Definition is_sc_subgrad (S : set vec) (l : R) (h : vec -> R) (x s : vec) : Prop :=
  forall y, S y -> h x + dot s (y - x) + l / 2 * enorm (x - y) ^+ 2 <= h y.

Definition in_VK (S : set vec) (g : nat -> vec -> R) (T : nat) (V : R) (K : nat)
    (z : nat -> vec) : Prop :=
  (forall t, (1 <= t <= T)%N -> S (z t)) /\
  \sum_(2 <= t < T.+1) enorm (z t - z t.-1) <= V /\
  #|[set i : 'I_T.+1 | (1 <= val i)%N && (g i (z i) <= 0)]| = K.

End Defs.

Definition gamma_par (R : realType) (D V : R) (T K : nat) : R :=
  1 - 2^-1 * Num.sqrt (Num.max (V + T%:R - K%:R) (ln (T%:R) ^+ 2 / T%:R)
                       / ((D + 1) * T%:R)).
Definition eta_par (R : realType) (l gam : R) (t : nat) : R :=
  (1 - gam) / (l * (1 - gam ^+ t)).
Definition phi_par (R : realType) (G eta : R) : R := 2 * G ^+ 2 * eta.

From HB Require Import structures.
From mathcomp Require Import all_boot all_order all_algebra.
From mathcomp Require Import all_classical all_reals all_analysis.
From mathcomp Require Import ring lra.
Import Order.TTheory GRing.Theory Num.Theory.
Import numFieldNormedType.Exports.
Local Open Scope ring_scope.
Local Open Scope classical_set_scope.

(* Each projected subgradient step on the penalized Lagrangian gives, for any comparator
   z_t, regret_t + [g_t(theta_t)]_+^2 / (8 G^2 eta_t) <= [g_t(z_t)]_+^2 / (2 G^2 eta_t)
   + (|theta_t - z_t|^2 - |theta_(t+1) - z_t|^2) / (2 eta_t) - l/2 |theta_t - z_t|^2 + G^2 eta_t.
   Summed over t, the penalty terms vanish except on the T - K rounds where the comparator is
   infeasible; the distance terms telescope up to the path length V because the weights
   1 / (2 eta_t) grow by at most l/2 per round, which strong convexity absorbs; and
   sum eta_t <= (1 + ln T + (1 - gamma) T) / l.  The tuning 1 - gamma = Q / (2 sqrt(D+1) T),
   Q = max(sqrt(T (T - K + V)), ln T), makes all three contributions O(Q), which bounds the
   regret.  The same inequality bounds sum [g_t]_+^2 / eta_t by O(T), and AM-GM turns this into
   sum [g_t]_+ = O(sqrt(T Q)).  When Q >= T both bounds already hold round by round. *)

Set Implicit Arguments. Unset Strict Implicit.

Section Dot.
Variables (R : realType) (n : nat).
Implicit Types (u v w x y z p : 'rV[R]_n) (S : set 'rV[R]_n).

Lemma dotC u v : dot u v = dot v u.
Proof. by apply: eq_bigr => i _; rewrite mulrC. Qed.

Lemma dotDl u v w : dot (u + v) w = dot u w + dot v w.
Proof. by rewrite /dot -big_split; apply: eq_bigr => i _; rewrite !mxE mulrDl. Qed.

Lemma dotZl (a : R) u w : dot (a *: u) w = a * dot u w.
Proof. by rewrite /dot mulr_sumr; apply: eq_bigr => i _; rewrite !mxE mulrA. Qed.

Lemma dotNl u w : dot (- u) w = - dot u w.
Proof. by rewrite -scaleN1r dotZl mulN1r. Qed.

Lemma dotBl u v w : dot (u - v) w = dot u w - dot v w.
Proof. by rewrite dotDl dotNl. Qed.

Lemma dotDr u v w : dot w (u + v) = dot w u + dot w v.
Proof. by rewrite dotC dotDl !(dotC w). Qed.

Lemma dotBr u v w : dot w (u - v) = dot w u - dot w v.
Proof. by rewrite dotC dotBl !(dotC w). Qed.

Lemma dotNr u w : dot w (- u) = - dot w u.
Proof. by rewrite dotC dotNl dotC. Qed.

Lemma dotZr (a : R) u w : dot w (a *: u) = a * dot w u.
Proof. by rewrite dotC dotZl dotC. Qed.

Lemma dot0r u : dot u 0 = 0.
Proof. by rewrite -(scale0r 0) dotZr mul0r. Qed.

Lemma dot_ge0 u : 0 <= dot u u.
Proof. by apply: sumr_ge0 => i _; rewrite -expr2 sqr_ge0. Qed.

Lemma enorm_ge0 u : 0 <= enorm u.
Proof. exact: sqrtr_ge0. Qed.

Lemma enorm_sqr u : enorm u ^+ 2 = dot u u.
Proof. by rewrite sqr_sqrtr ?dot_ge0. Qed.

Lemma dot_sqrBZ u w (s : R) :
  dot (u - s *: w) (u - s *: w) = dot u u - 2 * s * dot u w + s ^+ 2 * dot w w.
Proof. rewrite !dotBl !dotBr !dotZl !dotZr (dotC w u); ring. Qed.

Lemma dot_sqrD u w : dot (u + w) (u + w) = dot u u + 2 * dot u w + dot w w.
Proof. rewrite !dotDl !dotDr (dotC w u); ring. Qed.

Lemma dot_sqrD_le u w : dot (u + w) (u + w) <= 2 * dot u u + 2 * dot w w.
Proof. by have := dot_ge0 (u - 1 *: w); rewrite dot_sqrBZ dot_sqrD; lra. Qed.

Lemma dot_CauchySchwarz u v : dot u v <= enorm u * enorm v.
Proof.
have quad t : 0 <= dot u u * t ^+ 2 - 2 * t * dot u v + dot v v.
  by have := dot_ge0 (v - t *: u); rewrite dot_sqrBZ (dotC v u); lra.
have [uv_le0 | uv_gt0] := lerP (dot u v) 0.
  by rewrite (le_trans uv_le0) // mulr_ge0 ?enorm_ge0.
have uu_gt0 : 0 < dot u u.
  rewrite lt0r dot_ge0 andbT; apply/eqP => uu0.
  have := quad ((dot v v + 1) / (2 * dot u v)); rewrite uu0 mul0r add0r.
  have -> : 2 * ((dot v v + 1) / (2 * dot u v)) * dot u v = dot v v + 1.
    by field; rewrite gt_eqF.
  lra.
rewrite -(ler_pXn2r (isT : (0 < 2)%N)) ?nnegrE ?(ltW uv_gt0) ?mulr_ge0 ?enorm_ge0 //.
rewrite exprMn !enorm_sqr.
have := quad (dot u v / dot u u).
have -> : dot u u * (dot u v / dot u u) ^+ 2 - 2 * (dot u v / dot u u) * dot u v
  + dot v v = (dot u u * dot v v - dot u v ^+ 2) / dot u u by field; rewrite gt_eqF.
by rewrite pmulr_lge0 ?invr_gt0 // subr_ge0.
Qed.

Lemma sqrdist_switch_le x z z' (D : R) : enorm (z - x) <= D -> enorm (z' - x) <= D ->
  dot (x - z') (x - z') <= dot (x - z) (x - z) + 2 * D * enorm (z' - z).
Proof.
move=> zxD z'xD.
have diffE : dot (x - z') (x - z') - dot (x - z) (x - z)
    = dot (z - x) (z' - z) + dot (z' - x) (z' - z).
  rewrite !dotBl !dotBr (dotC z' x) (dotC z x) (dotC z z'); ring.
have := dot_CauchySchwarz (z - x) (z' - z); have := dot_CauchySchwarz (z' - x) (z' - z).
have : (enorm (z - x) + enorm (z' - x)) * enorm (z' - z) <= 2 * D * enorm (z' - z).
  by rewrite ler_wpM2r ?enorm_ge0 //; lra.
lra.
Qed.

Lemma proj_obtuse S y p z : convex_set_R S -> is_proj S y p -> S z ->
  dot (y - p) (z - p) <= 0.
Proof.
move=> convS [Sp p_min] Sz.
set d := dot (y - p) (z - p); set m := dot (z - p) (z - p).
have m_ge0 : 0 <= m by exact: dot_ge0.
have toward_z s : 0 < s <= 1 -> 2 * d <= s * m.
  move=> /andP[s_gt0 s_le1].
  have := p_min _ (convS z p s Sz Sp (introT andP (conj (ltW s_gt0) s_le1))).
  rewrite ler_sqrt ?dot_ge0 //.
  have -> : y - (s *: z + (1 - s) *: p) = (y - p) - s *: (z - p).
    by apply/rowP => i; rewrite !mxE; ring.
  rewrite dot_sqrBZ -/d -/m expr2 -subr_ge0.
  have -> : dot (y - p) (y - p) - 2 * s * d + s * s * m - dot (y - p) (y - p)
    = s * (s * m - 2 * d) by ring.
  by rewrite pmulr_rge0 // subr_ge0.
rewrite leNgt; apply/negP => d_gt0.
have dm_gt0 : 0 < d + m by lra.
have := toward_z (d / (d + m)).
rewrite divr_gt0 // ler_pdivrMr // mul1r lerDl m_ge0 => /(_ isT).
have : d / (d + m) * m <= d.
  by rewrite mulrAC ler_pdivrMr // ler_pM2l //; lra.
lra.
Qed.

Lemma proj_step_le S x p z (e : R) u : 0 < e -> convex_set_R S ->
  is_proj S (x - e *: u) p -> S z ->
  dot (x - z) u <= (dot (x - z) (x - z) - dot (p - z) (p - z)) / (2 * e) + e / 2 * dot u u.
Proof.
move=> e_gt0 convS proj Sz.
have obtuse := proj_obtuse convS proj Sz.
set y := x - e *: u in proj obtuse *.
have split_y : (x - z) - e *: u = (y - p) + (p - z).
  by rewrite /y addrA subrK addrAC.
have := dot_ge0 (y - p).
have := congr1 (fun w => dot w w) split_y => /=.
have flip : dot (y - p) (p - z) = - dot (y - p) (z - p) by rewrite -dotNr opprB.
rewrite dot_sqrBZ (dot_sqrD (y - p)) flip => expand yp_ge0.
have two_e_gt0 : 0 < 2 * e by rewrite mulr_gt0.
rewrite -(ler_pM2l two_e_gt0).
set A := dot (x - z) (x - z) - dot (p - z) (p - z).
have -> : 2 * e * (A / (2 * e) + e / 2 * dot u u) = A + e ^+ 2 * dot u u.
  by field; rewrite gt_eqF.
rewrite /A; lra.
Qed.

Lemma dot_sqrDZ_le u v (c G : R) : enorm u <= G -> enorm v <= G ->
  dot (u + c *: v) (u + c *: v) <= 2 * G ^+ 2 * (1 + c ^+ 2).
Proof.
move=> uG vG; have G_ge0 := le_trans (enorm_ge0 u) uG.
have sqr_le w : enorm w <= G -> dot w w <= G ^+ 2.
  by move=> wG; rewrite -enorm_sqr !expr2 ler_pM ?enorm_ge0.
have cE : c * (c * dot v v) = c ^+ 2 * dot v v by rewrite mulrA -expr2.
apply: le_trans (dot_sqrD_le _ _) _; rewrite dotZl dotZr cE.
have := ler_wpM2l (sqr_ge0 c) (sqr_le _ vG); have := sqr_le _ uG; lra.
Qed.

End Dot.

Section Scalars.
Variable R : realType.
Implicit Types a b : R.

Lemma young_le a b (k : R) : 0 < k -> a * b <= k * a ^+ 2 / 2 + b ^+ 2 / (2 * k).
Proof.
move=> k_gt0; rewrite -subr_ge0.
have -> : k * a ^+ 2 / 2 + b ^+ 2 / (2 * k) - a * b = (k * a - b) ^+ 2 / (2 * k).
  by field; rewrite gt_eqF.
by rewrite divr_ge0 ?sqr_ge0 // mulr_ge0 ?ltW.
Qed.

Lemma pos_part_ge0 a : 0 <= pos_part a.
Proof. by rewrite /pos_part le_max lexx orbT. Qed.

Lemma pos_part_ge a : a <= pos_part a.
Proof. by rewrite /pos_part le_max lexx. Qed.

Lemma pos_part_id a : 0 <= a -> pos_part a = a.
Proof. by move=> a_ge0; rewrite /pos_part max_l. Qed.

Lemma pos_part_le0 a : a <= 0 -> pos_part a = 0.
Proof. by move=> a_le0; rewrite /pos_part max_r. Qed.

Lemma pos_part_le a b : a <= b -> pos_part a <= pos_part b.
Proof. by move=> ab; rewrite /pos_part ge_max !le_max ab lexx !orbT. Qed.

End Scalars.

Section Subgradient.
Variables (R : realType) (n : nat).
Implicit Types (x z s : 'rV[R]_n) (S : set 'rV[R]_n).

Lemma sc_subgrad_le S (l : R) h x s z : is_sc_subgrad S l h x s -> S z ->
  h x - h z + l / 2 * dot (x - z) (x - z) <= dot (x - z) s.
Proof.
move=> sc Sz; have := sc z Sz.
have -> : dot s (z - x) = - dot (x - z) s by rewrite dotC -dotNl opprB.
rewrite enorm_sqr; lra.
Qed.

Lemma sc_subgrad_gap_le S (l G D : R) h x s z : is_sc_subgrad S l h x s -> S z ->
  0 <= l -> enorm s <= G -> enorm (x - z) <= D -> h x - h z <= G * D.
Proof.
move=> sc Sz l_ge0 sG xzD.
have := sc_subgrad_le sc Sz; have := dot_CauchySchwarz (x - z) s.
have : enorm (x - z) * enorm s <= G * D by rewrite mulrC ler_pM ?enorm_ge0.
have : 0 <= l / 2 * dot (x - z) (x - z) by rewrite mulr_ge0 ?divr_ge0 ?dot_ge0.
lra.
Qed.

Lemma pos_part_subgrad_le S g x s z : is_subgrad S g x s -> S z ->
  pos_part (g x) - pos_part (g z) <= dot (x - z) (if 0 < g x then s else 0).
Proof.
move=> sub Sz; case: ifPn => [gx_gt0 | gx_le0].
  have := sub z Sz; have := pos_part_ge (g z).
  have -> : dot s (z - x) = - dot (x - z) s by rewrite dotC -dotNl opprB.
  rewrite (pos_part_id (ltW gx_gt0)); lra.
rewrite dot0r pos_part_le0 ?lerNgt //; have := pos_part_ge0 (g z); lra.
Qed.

-------------------------

To do: Extract every line of the records above that contains the word "Definition".

Written reply:
Definition is_sc_subgrad (S : set vec) (l : R) (h : vec -> R) (x s : vec) : Prop :=
Definition in_VK (S : set vec) (g : nat -> vec -> R) (T : nat) (V : R) (K : nat)
Definition gamma_par (R : realType) (D V : R) (T K : nat) : R :=
Definition eta_par (R : realType) (l gam : R) (t : nat) : R :=
Definition phi_par (R : realType) (G eta : R) : R := 2 * G ^+ 2 * eta.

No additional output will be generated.